Bariatric surgery is a highly effective intervention for obese patients with advanced MASLD or MASH. It leads to substantial and sustained weight loss, reduces hepatic steatosis, improves insulin resistance, and has been associated with histological improvements. Studies report that 80% of patients experience resolution of MASH within one-year post-surgery, and 30%-40% show regression in liver fibrosis[149,150]. Sustained weight loss of up to 30% can be achieved through surgical intervention, far exceeding outcomes of lifestyle therapy alone[151]. Despite these benefits, long-term data on the safety and efficacy of different bariatric procedures in MASLD are limited, particularly in patients with advanced fibrosis or cirrhosis. Therefore, surgery should be considered following a thorough benefit-risk evaluation by a multidisciplinary team, ideally involving hepatologists, bariatric surgeons, and endocrinologists[32]. Figure 2 shows suggested public health framework for MASLD prevention in Egypt.

Figure 2 Suggested public health framework for metabolic dysfunction-associated steatotic liver disease prevention in Egypt. MASLD: Metabolic dysfunction-associated steatotic liver disease.
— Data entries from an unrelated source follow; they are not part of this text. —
(* Let $C=\{C_n,\partial_n\}_{n\geq 0}$ be a chain complex of abelian groups (with $\partial_0=0$ and $C_{-1}=0$), and let $D=\{D_n\}_{n\ge 0}$ and $D'=\{D'_n\}_{n\ge 0}$ be graded subgroups of $C$ with $D'_n\subseteq D_n\subseteq C_n$ for all $n$. Then the inclusion $\mathrm{Inf}(D,C)\hookrightarrow \mathrm{Sup}(D,C)$ induces a chain map $$\iota:\ \mathrm{Inf}(D,C)/\mathrm{Inf}(D',C)\longrightarrow \mathrm{Sup}(D,C)/\mathrm{Sup}(D',C),$$ and $\iota$ induces an isomorphism $\iota_*: H_*\big(\mathrm{Inf}(D,C)/\mathrm{Inf}(D',C)\big)\xrightarrow{\cong} H_*\big(\mathrm{Sup}(D,C)/\mathrm{Sup}(D',C)\big)$ in every degree.
   Context: For a chain complex $C$ and a graded subgroup $D$ of $C$ (with $D_{-1}=0$), the infimum chain complex $\mathrm{Inf}(D,C)$ is given by $\mathrm{Inf}_n(D,C)=D_n\cap \partial_n^{-1}(D_{n-1})$ (the largest sub-chain complex of $C$ contained in $D$), and the supremum chain complex $\mathrm{Sup}(D,C)$ is given by $\mathrm{Sup}_n(D,C)=D_n+\partial_{n+1}(D_{n+1})$ (the smallest sub-chain complex of $C$ containing $D$). If $D'\subseteq D$, then $\mathrm{Inf}(D',C)\subseteq\mathrm{Inf}(D,C)\subseteq \mathrm{Sup}(D,C)$ and $\mathrm{Inf}(D',C)\subseteq\mathrm{Sup}(D',C)\subseteq\mathrm{Sup}(D,C)$ are sub-chain complexes. *)

(* Chain complexes of abelian groups are modelled as a
   family of zmodTypes C n (n >= 0) with additive boundaries
   d n : C (n+1) -> C n (so d_0 : C_0 -> C_{-1} = 0 is implicit). *)
From HB Require Import structures.
From mathcomp Require Import all_boot all_algebra.
Unset Printing Implicit Defensive.
Import GRing.Theory.
Local Open Scope ring_scope.

Section ChainDefs.
Variable C : nat -> zmodType.
Variable d : forall n, {additive C n.+1 -> C n}.

Definition graded := forall n, C n -> Prop.

Definition is_subgroup (G : zmodType) (S : G -> Prop) : Prop :=
  S 0 /\ forall x y, S x -> S y -> S (x - y).

Definition graded_subgroup (D : graded) : Prop := forall n, is_subgroup (C n) (D n).

Definition graded_incl (A B : graded) : Prop := forall n x, A n x -> B n x.

Definition is_subcomplex (A : graded) : Prop :=
  graded_subgroup A /\ forall n x, A n.+1 x -> A n (d n x).

(* Inf_n(D,C) = D_n ∩ ∂_n^{-1}(D_{n-1}),  with D_{-1} = 0 and ∂_0 = 0 *)
Definition Inf (D : graded) : graded := fun n =>
  match n as k return C k -> Prop with
  | 0 => fun x => D 0 x
  | m.+1 => fun x => D m.+1 x /\ D m (d m x)
  end.

Definition Sup (D : graded) : graded := fun n x =>
  exists y z, D n y /\ D n.+1 z /\ x = y + d n z.

(* For sub-chain complexes B ⊆ A of C, the quotient complex A/B.
   Cycles of A/B in degree n, lifted to A_n: x ∈ A_n with ∂x ∈ B_{n-1}. *)
Definition rel_cycle (A B : graded) : graded := fun n =>
  match n as k return C k -> Prop with
  | 0 => fun x => A 0 x
  | m.+1 => fun x => A m.+1 x /\ B m (d m x)
  end.

(* Boundaries of A/B in degree n, lifted to A_n: ∂(A_{n+1}) + B_n. *)
Definition rel_boundary (A B : graded) : graded := fun n x =>
  exists y z, A n.+1 y /\ B n z /\ x = d n y + z.

(* H_n(A/B) = rel_cycle A B n / rel_boundary A B n.
   The chain map A/B -> A'/B' induced by the inclusions A ⊆ A', B ⊆ B'
   (identity on representatives) induces a well-defined group
   isomorphism H_n(A/B) -> H_n(A'/B') in degree n.  Spelled out on
   representatives: it maps cycles to cycles and boundaries to
   boundaries (well-defined homomorphism), its kernel is trivial
   (injective) and every class is hit (surjective). *)
Definition induces_homology_iso_at (A B A' B' : graded) (n : nat) : Prop :=
  [/\ forall x : C n, rel_cycle A B n x -> rel_cycle A' B' n x,
      forall x : C n, rel_boundary A B n x -> rel_boundary A' B' n x,
      forall x : C n, rel_cycle A B n x -> rel_boundary A' B' n x ->
                rel_boundary A B n x &
      forall y : C n, rel_cycle A' B' n y ->
        exists x, rel_cycle A B n x /\ rel_boundary A' B' n (y - x)].

End ChainDefs.

From HB Require Import structures.
From mathcomp Require Import all_boot all_algebra.
Import GRing.Theory.
Local Open Scope ring_scope.

Section Subgroup.
Variables (G : zmodType) (S : G -> Prop).
Hypothesis hS : is_subgroup G S.

Lemma subgroup0 : S 0. Proof. by case: hS. Qed.

Lemma subgroupB x y : S x -> S y -> S (x - y).
Proof. by case: hS => _; apply. Qed.

Lemma subgroupN x : S x -> S (- x).
Proof. by move=> Sx; rewrite -sub0r; apply: subgroupB => //; apply: subgroup0. Qed.

Lemma subgroupD x y : S x -> S y -> S (x + y).
Proof. by move=> Sx Sy; rewrite -[y]opprK; apply: subgroupB => //; apply: subgroupN. Qed.

End Subgroup.

Arguments subgroup0 {G S}.
Arguments subgroupB {G S}.
Arguments subgroupD {G S}.

Section ChainComplex.
Variable C : nat -> zmodType.
Variable d : forall n, {additive C n.+1 -> C n}.
Hypothesis dd0 : forall n (x : C n.+2), d n (d n.+1 x) = 0.

Section InfSup.
Variable E : graded C.
Hypothesis hE : graded_subgroup C E.

Lemma Inf_incl : graded_incl C (Inf C d E) E.
Proof. by move=> [|m] x //= []. Qed.

(* E is contained in Sup(E), writing x = x + ∂0. *)
Lemma Sup_incl : graded_incl C E (Sup C d E).
Proof.
move=> n x Ex; exists x, 0; rewrite raddf0 addr0.
by do 2!split=> //; apply: subgroup0.
Qed.

Lemma Inf_incl_Sup : graded_incl C (Inf C d E) (Sup C d E).
Proof. by move=> n x /Inf_incl; apply: Sup_incl. Qed.

(* A boundary lying in E lies in Inf(E), since its own boundary is 0. *)
Lemma Inf_boundary m (x : C m.+1) : E m (d m x) -> Inf C d E m (d m x).
Proof. by case: m x => [|m] x //= Edx; rewrite dd0; split=> //; apply: subgroup0. Qed.

(* Inf(E) is a sub-chain complex: closure under ∂ uses ∂∂ = 0. *)
Lemma Inf_subcomplex : is_subcomplex C d (Inf C d E).
Proof.
split=> [[|m]|n x /= [_ Edx]]; last exact: Inf_boundary.
  split; [exact: subgroup0 | by move=> x y; apply: subgroupB].
split=> [|x y /= [Ex Edx] [Ey Edy]] /=.
  by rewrite raddf0; split; apply: subgroup0.
by rewrite raddfB; split; apply: subgroupB.
Qed.

(* Sup(E) is a sub-chain complex: ∂(y + ∂z) = ∂y with y ∈ E. *)
Lemma Sup_subcomplex : is_subcomplex C d (Sup C d E).
Proof.
split=> [n|n x [y [z [Ey [Ez ->]]]]].
  split; first exact: Sup_incl (subgroup0 (hE n)).
  move=> _ _ [x1 [x2 [Ex1 [Ex2 ->]]]] [y1 [y2 [Ey1 [Ey2 ->]]]].
  exists (x1 - y1), (x2 - y2); rewrite raddfB opprD addrACA.
  by split; [|split]; try apply: subgroupB.
exists 0, y; rewrite raddfD dd0 addr0 add0r.
by split; [apply: subgroup0 | split].
Qed.

End InfSup.

Arguments Sup_incl {E} hE {n x}.

Lemma Inf_monotone (E E' : graded C) :
  graded_incl C E' E -> graded_incl C (Inf C d E') (Inf C d E).
Proof. by move=> sE'E [|m] x /=; [apply: sE'E | case; split; apply: sE'E]. Qed.

Lemma Sup_monotone (E E' : graded C) :
  graded_incl C E' E -> graded_incl C (Sup C d E') (Sup C d E).
Proof.
by move=> sE'E n x [y [z [E'y [E'z ->]]]]; exists y, z; split; [|split]; try apply: sE'E.
Qed.

Lemma rel_cycle_monotone (A B A' B' : graded C) :
  graded_incl C A A' -> graded_incl C B B' ->
  graded_incl C (rel_cycle C d A B) (rel_cycle C d A' B').
Proof. by move=> sA sB [|m] x /=; [apply: sA | case=> Ax Bdx; split; auto]. Qed.

Lemma rel_boundary_monotone (A B A' B' : graded C) :
  graded_incl C A A' -> graded_incl C B B' ->
  graded_incl C (rel_boundary C d A B) (rel_boundary C d A' B').
Proof. by move=> sA sB n x [y [z [Ay [Bz ->]]]]; exists y, z; split; auto. Qed.

Section InfToSup.
Variables D D' : graded C.
Hypotheses (hD : graded_subgroup C D) (hD' : graded_subgroup C D').
Hypothesis hD'D : graded_incl C D' D.

Lemma rel_boundary_SupE n (x : C n) :
  rel_boundary C d (Sup C d D) (Sup C d D') n x <->
  exists w z, D n.+1 w /\ D' n z /\ x = d n w + z.
Proof.
split=> [[_ [_ [[y1 [y2 [Dy1 [Dy2 ->]]]] [[z1 [z2 [D'z1 [D'z2 ->]]]] ->]]]]|].
  exists (y1 + z2), z1; split; first by apply: subgroupD => //; apply: hD'D.
  by split=> //; rewrite !raddfD dd0 addr0 [z1 + _]addrC addrA.
move=> [w [z [Dw [D'z ->]]]]; exists w, z.
by split; [exact: (Sup_incl hD Dw) | split; first exact: (Sup_incl hD' D'z)].
Qed.

Lemma rel_cycle_Inf_succE m (x : C m.+1) :
  rel_cycle C d (Inf C d D) (Inf C d D') m.+1 x <-> D m.+1 x /\ D' m (d m x).
Proof.
split=> [[[Dx _] /Inf_incl D'dx] // | [Dx D'dx]].
by split; [split=> //; apply: hD'D | apply: Inf_boundary].
Qed.

Lemma Inf_to_Sup_injective n (x : C n) :
  rel_cycle C d (Inf C d D) (Inf C d D') n x ->
  rel_boundary C d (Sup C d D) (Sup C d D') n x ->
  rel_boundary C d (Inf C d D) (Inf C d D') n x.
Proof.
move=> cx /rel_boundary_SupE [w [z [Dw [D'z ex]]]].
have Dx : D n x by case: n x w z cx Dw D'z ex => [|m] x // w z /rel_cycle_Inf_succE [].
have Ddw : D n (d n w).
  by rewrite -(addrK z (d n w)) -ex; apply: subgroupB => //; apply: hD'D.
exists w, z; split; first by split.
split=> //; clear Dw Dx Ddw.
case: n x w z cx D'z ex => [|m] x w z // /rel_cycle_Inf_succE [_ D'dx] D'z ex.
by split=> //; move: D'dx; rewrite ex raddfD dd0 add0r.
Qed.

Lemma Inf_to_Sup_surjective n (y : C n) :
  rel_cycle C d (Sup C d D) (Sup C d D') n y ->
  exists x, rel_cycle C d (Inf C d D) (Inf C d D') n x /\
            rel_boundary C d (Sup C d D) (Sup C d D') n (y - x).
Proof.
case: n y => [|m] y.
  move=> [y1 [y2 [Dy1 [Dy2 ->]]]]; exists y1; split=> //.
  apply/rel_boundary_SupE; exists y2, 0; rewrite addr0 addrC addKr.
  by split=> //; split=> //; apply: subgroup0.
move=> [[y1 [y2 [Dy1 [Dy2 ->]]]]].
rewrite raddfD dd0 addr0 => -[w1 [w2 [D'w1 [D'w2 edy1]]]].
have edx : d m (y1 - w2) = w1 by rewrite raddfB edy1 addrK.
exists (y1 - w2); split.
  apply/rel_cycle_Inf_succE; rewrite edx.
  by split=> //; apply: subgroupB => //; apply: hD'D.
apply/rel_boundary_SupE; exists y2, w2; split=> //; split=> //.
by rewrite opprB addrC addrA subrK addrC.
Qed.

End InfToSup.

End ChainComplex.

Theorem lemma1p1 (C : nat -> zmodType) (d : forall n, {additive C n.+1 -> C n})
  (dd0 : forall n (x : C n.+2), d n (d n.+1 x) = 0)
  (D D' : graded C)
  (hD : graded_subgroup C D) (hD' : graded_subgroup C D')
  (hD'D : graded_incl C D' D) :
  [/\ is_subcomplex C d (Inf C d D), is_subcomplex C d (Inf C d D'),
      is_subcomplex C d (Sup C d D), is_subcomplex C d (Sup C d D') &
    [/\ graded_incl C (Inf C d D') (Inf C d D), graded_incl C (Inf C d D) (Sup C d D),
        graded_incl C (Inf C d D') (Sup C d D'), graded_incl C (Sup C d D') (Sup C d D) &
    forall n, induces_homology_iso_at C d (Inf C d D) (Inf C d D') (Sup C d D) (Sup C d D') n]].
Proof.
split; [exact: Inf_subcomplex | exact: Inf_subcomplex
       | exact: Sup_subcomplex | exact: Sup_subcomplex | split].
- exact: Inf_monotone.
- exact: Inf_incl_Sup.
- exact: Inf_incl_Sup.
- exact: Sup_monotone.
move=> n; split.
- by apply: rel_cycle_monotone; apply: Inf_incl_Sup.
- by apply: rel_boundary_monotone; apply: Inf_incl_Sup.
- exact: Inf_to_Sup_injective.
- exact: Inf_to_Sup_surjective.
Qed.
Barriers to MASLD care in Egypt

A recent global survey highlighted that the stigma associated with MASLD is largely rooted in its link to obesity, with 38% of healthcare providers perceiving the disease as stigmatizing compared to only 8% of patients[152]. The perception of MASLD-related stigma varies across patient groups, medical specialties, and geographic regions, further complicating its recognition and management[152]. Another factor contributing to limited awareness was the absence of approved pharmacological therapies for MASLD, which diminishes both urgency and attention to the disease[153]. Compounding these issues is a persistent knowledge gap in the identification, diagnosis, and management of MASLD, as observed in several high-burden countries including Egypt, Saudi Arabia, and Türkiye[75]. In Egypt, these challenges are exacerbated by the lack of a national screening program and the absence of locally adapted clinical guidelines. Diagnostic and therapeutic options remain limited, particularly outside urban tertiary centers, resulting in delayed diagnosis and fragmented care. In addition, lack of clinical trials assessing the current situation in Egypt is still a barrier for well-defined data analysis and outcomes.
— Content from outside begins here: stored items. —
(* Let $\tilde d\in C^1(\mathbb{R})$ satisfy $\tilde d(0)=0$, $\tilde d'(m)>d_0$ and $|\tilde d'(m)|\le d_1+d_2|m|^p$ for all $m\in\mathbb{R}$, for some constants $d_0>0$ and $d_1,d_2,p\ge 0$. Then for any $\tilde f,\tilde g\in L^2(0,1)$ and $\tilde h=(\tilde h(0),\tilde h(1))\in\mathbb{R}^2$ the stationary system $$\partial_x\tilde m(x)=\tilde f(x),\quad \partial_x\tilde p(x)+\tilde d(\tilde m(x))=\tilde g(x)\quad (x\in(0,1)),\qquad \tilde p(x)=\tilde h(x)\quad (x\in\{0,1\})$$ has a unique solution $(\tilde p,\tilde m)\in H^1(0,1)\times H^1(0,1)$, and there exists a constant $c>0$, independent of $\tilde d$ and of $\tilde f,\tilde g,\tilde h$, such that $$\|\tilde m\|_{H^1}\le \frac{c}{d_0}\big(\|\tilde g\|_{L^2}+|\tilde h|_1+d_1\|\tilde f\|_{L^2}+d_2\|\tilde f\|_{L^2}^{p+1}\big)+c\|\tilde f\|_{L^2}=:M,$$ $$\|\tilde p\|_{H^1}\le c\big(\|\tilde g\|_{L^2}+|\tilde h|_1+d_1M+d_2M^{p+1}\big).$$
   Context: $|\tilde h|_1=|\tilde h(0)|+|\tilde h(1)|$ denotes the $\ell^1$-norm on $\mathbb{R}^2$. $L^2$ and $H^1$ denote the usual Lebesgue and Sobolev spaces on $(0,1)$. *)

From HB Require Import structures.
From mathcomp Require Import all_boot all_order all_algebra.
From mathcomp Require Import all_classical all_reals all_analysis.
Set Implicit Arguments. Unset Strict Implicit. Unset Printing Implicit Defensive.
Import Order.TTheory GRing.Theory Num.Theory.
Import numFieldNormedType.Exports.
Local Open Scope classical_set_scope.
Local Open Scope ring_scope.

Section Defs.
Variable R : realType.

Definition I01 : set R := `[0, 1]%classic.

Definition inL2 (f : R -> R) : Prop :=
  measurable_fun I01 f /\
  (\int[@lebesgue_measure R]_(x in I01) ((f x) ^+ 2)%:E < +oo)%E.

Definition L2norm (f : R -> R) : R :=
  Num.sqrt (fine (\int[@lebesgue_measure R]_(x in I01) ((f x) ^+ 2)%:E)).

(* u is an H^1(0,1) function with (weak) derivative du: du is in L^2(0,1)
   and u is (on [0,1]) the absolutely continuous representative
   u(x) = u(0) + \int_0^x du. *)
Definition isH1 (u du : R -> R) : Prop :=
  inL2 du /\
  forall x, 0 <= x <= 1 ->
    u x = u 0 + Rintegral (@lebesgue_measure R) `[0, x]%classic du.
Future perspectives for MASLD in Egypt

Future directions should prioritize the integration of MASLD into Egypt’s national non-communicable disease agenda. A comprehensive national strategy is urgently needed one that incorporates population-level screening for high-risk groups, standardized non-invasive diagnostic pathways, and evidence-based, locally adapted clinical guidelines. Efforts must also be directed toward strengthening provider education, expanding public health campaigns to reduce stigma and promote lifestyle change, and investing in accessible diagnostic and therapeutic infrastructure beyond tertiary care settings.
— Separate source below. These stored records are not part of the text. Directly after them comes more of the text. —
(* Let $L$ be a finite lattice with at least three elements, with minimum $\hat 0$ and maximum $\hat 1$, and let $a,b\in L$ with $\hat 0<a<b$. Then $$\sum_{\substack{x\in L\\ x\wedge a=\hat 0}} J(x,b,\hat 1)=0,$$ where terms with $x\not\le b$ are omitted (i.e. $J(x,b,\hat 1)$ is taken as $0$ unless $x\le b$).
   Context: Let $\delta_3(x,y,z)=1$ if $x=y=z$ and $0$ otherwise. The function $J$ on triples $x\le y\le z$ of $L$ is the unique integer-valued function satisfying $\sum_{x\le a\le y\le b\le z}J(a,y,b)=\delta_3(x,y,z)$ for all $x\le y\le z$ in $L$ (sum over $a,b\in L$). *)

From HB Require Import structures.
From mathcomp Require Import all_boot all_order all_algebra.
Set Implicit Arguments. Unset Strict Implicit. Unset Printing Implicit Defensive.
Import Order.TTheory GRing.Theory Num.Theory.
Local Open Scope order_scope.

Definition delta3 {d} {L : finTBLatticeType d} (x y z : L) : int :=
  if (x == y) && (y == z) then 1%R else 0%R.

(* J satisfies the defining relation of the paper's function J:
   for all x <= y <= z,  sum_{x <= a <= y <= b <= z} J(a,y,b) = delta_3(x,y,z).
   (Values of J outside triples u <= v <= w are irrelevant.) *)
Definition is_J {d} {L : finTBLatticeType d} (J : L -> L -> L -> int) : Prop :=
  forall x y z : L, x <= y -> y <= z ->
    (\sum_(a : L | (x <= a)%O && (a <= y)%O) \sum_(b : L | (y <= b)%O && (b <= z)%O) J a y b)%R
    = delta3 x y z.

From HB Require Import structures.
From mathcomp Require Import all_boot all_order all_algebra.
Import Order.TTheory GRing.Theory Num.Theory.
Local Open Scope order_scope.

(* Summing the defining relation of J over its third argument and inverting
   upwards shows that sum_{y <= x <= b} J(x, b, z) = 0 whenever y < b <= z.
   Group the x <= b according to u = x `&` a: for y <= a, the blocks with
   y <= u <= a together contain exactly the x with y <= x <= b. So the block
   sums of J(-, b, \top) have vanishing interval sums on every [y, a] with
   y <= a, and inverting downwards from a they all vanish, in particular the
   block of \bot. *)

Lemma finPOrder_gt_ind {d} {T : finPOrderType d} (P : T -> Prop) :
  (forall y, (forall u, y < u -> P u) -> P y) -> forall y, P y.
Proof.
move=> IH.
suff: forall n (y : T), (#|[set u | (y < u)%O]| < n)%N -> P y.
  by move=> + y; apply.
elim=> // n IHn y y_small; apply: IH => u yu; apply: IHn.
rewrite -ltnS (leq_trans _ y_small) // ltnS proper_card //; apply/properP; split.
- by apply/subsetP => v; rewrite !inE; apply: lt_trans.
- by exists u; rewrite !inE ?ltxx.
Qed.

Lemma sum_itv_eq0_below {d} {T : finPOrderType d} {R : nmodType} (f : T -> R)
    (a : T) :
  (forall y, y <= a -> (\sum_(u | (y <= u <= a)%O) f u)%R = 0%R) ->
  forall y, y <= a -> f y = 0%R.
Proof.
move=> sum_eq0; elim/(@finPOrder_gt_ind _ T) => y IH ya.
rewrite -[RHS](sum_eq0 y ya) (bigD1 y) ?lexx ?ya //= big1 ?addr0 //.
move=> u /andP[/andP[yu ua] uy]; apply: IH ua.
by rewrite lt_neqAle eq_sym uy.
Qed.

Lemma sum_itv_eq0_above {d} {T : finPOrderType d} {R : nmodType} (f : T -> R)
    (b : T) :
  (forall z, b <= z -> (\sum_(u | (b <= u <= z)%O) f u)%R = 0%R) ->
  forall z, b <= z -> f z = 0%R.
Proof.
move=> sum_eq0; apply: (@sum_itv_eq0_below _ T^d) => z bz.
by rewrite -[RHS](sum_eq0 z bz); apply: eq_bigl => u; rewrite andbC.
Qed.

Lemma sum_meet_partition {d} {L : finLatticeType d} {R : nmodType} (F : L -> R)
    (P : pred L) (a y : L) : y <= a ->
  (\sum_(u | (y <= u <= a)%O) \sum_(x | (x `&` a == u)%O && P x) F x
    = \sum_(x | (y <= x)%O && P x) F x)%R.
Proof.
move=> ya.
rewrite [RHS](partition_big (fun x => x `&` a) (fun u => y <= u <= a)); last first.
  by move=> x /andP[yx _]; rewrite lexI yx ya leIr.
apply: eq_bigr => u /andP[yu _]; apply: eq_bigl => x.
case: eqP => [xau | _]; last by rewrite andbF.
by move: yu; rewrite -xau lexI ya andbT andbT => ->.
Qed.

Lemma sum_J_itv_eq0 {d} {L : finTBLatticeType d} {J : L -> L -> L -> int}
    (HJ : is_J J) {x b z : L} : x < b -> b <= z ->
  (\sum_(u | (x <= u <= b)%O) J u b z)%R = 0%R.
Proof.
move=> xb; move: z.
apply: (@sum_itv_eq0_above _ _ _ (fun z => \sum_(u | (x <= u <= b)%O) J u b z)%R)
  => z bz.
by rewrite exchange_big HJ ?(ltW xb) // /delta3 lt_eqF.
Qed.

Theorem theorem5p10 (d : Order.disp_t) (L : finTBLatticeType d)
  (J : L -> L -> L -> int) (HJ : is_J J)
  (hL : (2 < #|[set: L]|)%N) (a b : L) (h0a : \bot < a) (hab : a < b) :
  (\sum_(x : L | (x `&` a == \bot)%O && (x <= b)%O) J x b \top)%R = 0%R.
Proof.
pose block u := (\sum_(x | (x `&` a == u)%O && (x <= b)%O) J x b \top)%R.
apply: (@sum_itv_eq0_below _ _ _ block a _ \bot (le0x a)) => y ya.
by rewrite sum_meet_partition // (sum_J_itv_eq0 HJ (le_lt_trans ya hab) (lex1 b)).
Qed.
Research priorities should include longitudinal cohort studies to better characterize MASLD progression in the Egyptian population, genome-wide studies to elucidate ethnic and genetic determinants, and implementation science to evaluate the effectiveness of policy interventions. Egypt’s successful model of HCV elimination demonstrates that with political will, multisectoral collaboration, and a clear roadmap, scalable and impactful liver health strategies are achievable. MASLD now demands similar attention, before its silent epidemic translates into a national crisis of liver failure, HCC, and increasing healthcare costs.

CONCLUSION

MASLD represents an urgent yet underrecognized public health challenge in Egypt. With one of the highest national burdens in the MENA region, Egypt faces a convergence of risk factors including obesity, diabetes, sedentary lifestyles, and nutritional transitions that have amplified the prevalence and clinical impact of MASLD. The legacy of chronic HCV, widespread micronutrient deficiencies, and socioeconomic disparities further complicate the pathophysiological landscape. Despite increasing global attention, awareness of MASLD among both healthcare providers and the public remains limited, and diagnostic and treatment strategies are often fragmented, inaccessible, or inconsistently applied.